• [THE PROBLEM]: Copy the entries exactly, through the "Variables (U Act : Type)." line.

• [DATA]:
(* Every LSGA net is a structural conflict net.
   Context: A Petri net $N=(S,T,F,M_0,\ell)$ has disjoint $S,T$, $F:(S\times T)\cup(T\times S)\to\mathbb N$, $M_0\in\mathbb N^S$, labelling $\ell$. ${}^\bullet x(y)=F(y,x)$, $x^\bullet(y)=F(x,y)$. For a finite nonempty multiset $G$ of transitions, $M[G\rangle M'$ iff ${}^\bullet G\le M$ and $M'=M-{}^\bullet G+G^\bullet$; $t\smile u$ iff $M[\{t\}+\{u\}\rangle$ for some reachable $M$. $N$ is a structural conflict net iff $t\smile u$ implies ${}^\bullet t\cap{}^\bullet u=\emptyset$. A component with interface is $(N,I,O)$ with $I,O\subseteq S$, $I\cap O=\emptyset$ and $o^\bullet=\emptyset$ for $o\in O$; it is sequential iff there is $Q\subseteq S\setminus(I\cup O)$ with $|{}^\bullet t\restriction Q|=|t^\bullet\restriction Q|=1$ for all $t\in T$ and $|M_0\restriction Q|=1$. For components $((S_k,T_k,F_k,M_{0k},\ell_k),I_k,O_k)$, $k\in K$, with $(S_k\cup T_k)\cap(S_l\cup T_l)=(I_k\cup O_k)\cap(I_l\cup O_l)$ and $I_k\cap I_l=\emptyset$ for $k\ne l$, the asynchronous parallel composition is $((\bigcup S_k,\bigcup T_k,\bigcup F_k,\sum M_{0k},\bigcup\ell_k),\bigcup I_k,\bigcup O_k\setminus\bigcup I_k)$. $N$ is an LSGA net iff $(N,I,O)$ equals the asynchronous parallel composition of some family of sequential components, for some $I,O$. *)

From Stdlib Require Import List.
Import ListNotations.
Set Implicit Arguments.

Section Nets.
Variables (U Act : Type).

(* Places/transitions are predicates on U;
   F is the arc-weight function, extended by 0 outside (S x T) u (T x S);
   M0 is the initial marking (0 outside S); lab is the labelling
   (only its values on T are meaningful). *)
Record net := Net {
  places : U -> Prop;
  trans  : U -> Prop;
  flow   : U -> U -> nat;
  init   : U -> nat;
  lab    : U -> Act }.

Definition is_net (N : net) : Prop :=
  (forall x, ~ (places N x /\ trans N x)) /\
  (forall x y, flow N x y <> 0 ->
     (places N x /\ trans N y) \/ (trans N x /\ places N y)) /\
  (forall s, init N s <> 0 -> places N s).

Definition marking := U -> nat.

(* A finite multiset of transitions, represented by a list. *)
Definition preset (N : net) (G : list U) : marking :=
  fun s => fold_right (fun t acc => flow N s t + acc) 0 G.
Definition postset (N : net) (G : list U) : marking :=
  fun s => fold_right (fun t acc => flow N t s + acc) 0 G.

Definition fires (N : net) (M : marking) (G : list U) (M' : marking) : Prop :=
  G <> [] /\ (forall t, In t G -> trans N t) /\
  (forall s, preset N G s <= M s) /\
  (forall s, M' s = M s - preset N G s + postset N G s).

Inductive reachable (N : net) : marking -> Prop :=
| reach_init : reachable N (init N)
| reach_step : forall M G M', reachable N M -> fires N M G M' -> reachable N M'.

Definition concurrent (N : net) (t u : U) : Prop :=
  exists M M', reachable N M /\ fires N M [t; u] M'.

Definition structural_conflict_net (N : net) : Prop :=
  forall t u, concurrent N t u ->
    forall s, ~ (flow N s t <> 0 /\ flow N s u <> 0).

Record component := Comp { cnet : net; cI : U -> Prop; cO : U -> Prop }.

Definition is_component (C : component) : Prop :=
  is_net (cnet C) /\
  (forall x, cI C x -> places (cnet C) x) /\
  (forall x, cO C x -> places (cnet C) x) /\
  (forall x, ~ (cI C x /\ cO C x)) /\
  (forall o, cO C o -> forall y, flow (cnet C) o y = 0).

Definition size_one_on (Q : U -> Prop) (f : U -> nat) : Prop :=
  exists s, Q s /\ f s = 1 /\ forall s', Q s' -> s' <> s -> f s' = 0.

Definition sequential (C : component) : Prop :=
  exists Q : U -> Prop,
    (forall q, Q q -> places (cnet C) q /\ ~ cI C q /\ ~ cO C q) /\
    (forall t, trans (cnet C) t -> size_one_on Q (fun s => flow (cnet C) s t)) /\
    (forall t, trans (cnet C) t -> size_one_on Q (fun s => flow (cnet C) t s)) /\
    size_one_on Q (init (cnet C)).

Definition composable (K : Type) (C : K -> component) : Prop :=
  forall k l, k <> l ->
    (forall x,
       ((places (cnet (C k)) x \/ trans (cnet (C k)) x) /\
        (places (cnet (C l)) x \/ trans (cnet (C l)) x)) <->
       ((cI (C k) x \/ cO (C k) x) /\ (cI (C l) x \/ cO (C l) x))) /\
    (forall x, ~ (cI (C k) x /\ cI (C l) x)).

Definition in_dom (N : net) (x y : U) : Prop :=
  (places N x /\ trans N y) \/ (trans N x /\ places N y).


Definition is_async_comp (K : Type) (C : K -> component) (N : net)
    (I O : U -> Prop) : Prop :=
  (forall x, places N x <-> exists k, places (cnet (C k)) x) /\
  (forall x, trans N x <-> exists k, trans (cnet (C k)) x) /\
  (forall k x y, in_dom (cnet (C k)) x y -> flow N x y = flow (cnet (C k)) x y) /\
  (forall x y, (forall k, ~ in_dom (cnet (C k)) x y) -> flow N x y = 0) /\
  (forall s, exists ks : list K, NoDup ks /\
       (forall k, init (cnet (C k)) s <> 0 -> In k ks) /\
       init N s = fold_right (fun k acc => init (cnet (C k)) s + acc) 0 ks) /\
  (forall k t, trans (cnet (C k)) t -> lab N t = lab (cnet (C k)) t) /\
  (forall x, I x <-> exists k, cI (C k) x) /\
  (forall x, O x <-> ((exists k, cO (C k) x) /\ ~ exists k, cI (C k) x)).

Definition LSGA_net (N : net) : Prop :=
  exists (I O : U -> Prop) (K : Type) (C : K -> component),
    (forall k, is_component (C k)) /\
    (forall k, sequential (C k)) /\
    composable C /\
    is_async_comp C N I O.

End Nets.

• [RESPONSE BOX]:
(* Every LSGA net is a structural conflict net.
   Context: A Petri net $N=(S,T,F,M_0,\ell)$ has disjoint $S,T$, $F:(S\times T)\cup(T\times S)\to\mathbb N$, $M_0\in\mathbb N^S$, labelling $\ell$. ${}^\bullet x(y)=F(y,x)$, $x^\bullet(y)=F(x,y)$. For a finite nonempty multiset $G$ of transitions, $M[G\rangle M'$ iff ${}^\bullet G\le M$ and $M'=M-{}^\bullet G+G^\bullet$; $t\smile u$ iff $M[\{t\}+\{u\}\rangle$ for some reachable $M$. $N$ is a structural conflict net iff $t\smile u$ implies ${}^\bullet t\cap{}^\bullet u=\emptyset$. A component with interface is $(N,I,O)$ with $I,O\subseteq S$, $I\cap O=\emptyset$ and $o^\bullet=\emptyset$ for $o\in O$; it is sequential iff there is $Q\subseteq S\setminus(I\cup O)$ with $|{}^\bullet t\restriction Q|=|t^\bullet\restriction Q|=1$ for all $t\in T$ and $|M_0\restriction Q|=1$. For components $((S_k,T_k,F_k,M_{0k},\ell_k),I_k,O_k)$, $k\in K$, with $(S_k\cup T_k)\cap(S_l\cup T_l)=(I_k\cup O_k)\cap(I_l\cup O_l)$ and $I_k\cap I_l=\emptyset$ for $k\ne l$, the asynchronous parallel composition is $((\bigcup S_k,\bigcup T_k,\bigcup F_k,\sum M_{0k},\bigcup\ell_k),\bigcup I_k,\bigcup O_k\setminus\bigcup I_k)$. $N$ is an LSGA net iff $(N,I,O)$ equals the asynchronous parallel composition of some family of sequential components, for some $I,O$. *)

From Stdlib Require Import List.
Import ListNotations.
Set Implicit Arguments.

Section Nets.
Variables (U Act : Type).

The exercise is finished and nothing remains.